* Description of the task *
Set down, exactly and in full, the line holding "Import Order.TTheory GRing.Theory" and all the lines after it until the listing ends, and nothing else.
[Start of Attachment]
(* The set of properties $\{AL, BR, ER, \{1\}\}$ is query-complete, where $AL$ is the set of alternating permutations, $BR$ is the set of permutations $\pi$ with $\pi(1)<\pi(2)$, $ER$ is the set of permutations $\pi$ of length $n$ with $\pi(n-1)<\pi(n)$, and $\{1\}$ is the set containing only the permutation of length 1.
   Context: A permutation $\pi$ of length $n$ is alternating if for every $i\in[2,n-1]$, $\pi(i)$ does not lie between $\pi(i-1)$ and $\pi(i+1)$. An interval of a permutation is a set of contiguous positions whose values form a contiguous set; a permutation of length $n$ is simple if its only intervals have sizes $0,1,n$. Given a permutation $\sigma$ of length $m$ and nonempty permutations $\alpha_1,\dots,\alpha_m$, the inflation $\sigma[\alpha_1,\dots,\alpha_m]$ is the permutation obtained by replacing each entry $\sigma(i)$ by an interval order isomorphic to $\alpha_i$, these intervals being in the relative order given by $\sigma$ (e.g. $2413[1,132,321,12]=479832156$). A property is any set of permutations; $\pi$ satisfies property $P$ if $\pi\in P$. A set $\mathcal{P}$ of properties is query-complete if, for every simple permutation $\sigma$ (of length $m$) and every $P\in\mathcal{P}$, whether $\sigma[\alpha_1,\dots,\alpha_m]$ satisfies $P$ is determined by $\sigma$ together with knowledge of which properties of $\mathcal{P}$ each $\alpha_i$ satisfies. *)

From mathcomp Require Import all_boot.
Set Implicit Arguments. Unset Strict Implicit. Unset Printing Implicit Defensive.

(* A permutation of length n is represented in one-line notation as a
   sequence of naturals which is a rearrangement of 0,1,...,n-1
   (values shifted down by one with respect to the paper). *)
Definition is_perm (s : seq nat) : bool := perm_eq s (iota 0 (size s)).

Definition property := seq nat -> bool.
Definition no_prop : property := fun _ => false.

Definition min_seq (t : seq nat) : nat := foldr minn (head 0 t) t.
Definition max_seq (t : seq nat) : nat := foldr maxn 0 t.

Definition is_interval (s : seq nat) (i k : nat) : bool :=
  (i + k <= size s) &&
  (max_seq (take k (drop i s)) - min_seq (take k (drop i s)) == k.-1).

Definition simple (s : seq nat) : bool :=
  is_perm s &&
  all (fun i => all (fun k => is_interval s i k ==> ((k <= 1) || (k == size s)))
                    (iota 0 (size s).+1))
      (iota 0 (size s).+1).
(* Let $I,J,K$ be a partition of $[m]$ and $\bm a\in\mathbb{R}^m$ with $P(\bm a,I,J,K)\ne\emptyset$, and let $F_{\bm a}$ be the face of $\delta\mathcal{A}_{\bm o}$ whose relative interior contains $\bm a$. Then $P(\bm b,I,J,K)\neq\emptyset$ for every $\bm b\in F_{\bm a}$.
   Context: Fix nonzero $\bm u_1,\dots,\bm u_m\in\mathbb{R}^n$ (repetitions and parallel vectors allowed), $U$ the $m\times n$ matrix with these rows; $U_I$, $\bm a_I$ denote rows/entries indexed by $I$. For a partition $I,J,K$ of $[m]$ (parts may be empty), $P(\bm a,I,J,K)=\{\bm x\in\mathbb{R}^n:U_I\bm x=\bm a_I,\ U_J\bm x\le\bm a_J,\ U_K\bm x\ge\bm a_K\}$. A circuit is a subset $C\subseteq[m]$ with $\{\bm u_i:i\in C\}$ a minimal linearly dependent indexed family; $\bm c^C\in\mathbb{R}^m$ satisfies $\sum c_i\bm u_i=\bm 0$ and $c_i\neq0\iff i\in C$. The derived arrangement $\delta\mathcal{A}_{\bm o}$ consists of the hyperplanes $\langle\bm c^C,\bm y\rangle=0$ in $\mathbb{R}^m$; its open faces are the nonempty sets $\{\bm y:\operatorname{sign}\langle\bm c^C,\bm y\rangle=\epsilon_C\ \forall C\}$ for fixed signs $\epsilon_C$, and its faces are the closures of open faces. Thus $F_{\bm a}$ is the closure of the open face containing $\bm a$. *)

From HB Require Import structures.
From mathcomp Require Import all_boot all_order all_algebra.
From mathcomp Require Import all_classical all_reals all_analysis.
Set Implicit Arguments. Unset Strict Implicit. Unset Printing Implicit Defensive.
Import Order.TTheory GRing.Theory Num.Theory numFieldNormedType.Exports.
Local Open Scope ring_scope.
[End of Attachment]
* Task output *
Import Order.TTheory GRing.Theory Num.Theory numFieldNormedType.Exports.
Local Open Scope ring_scope.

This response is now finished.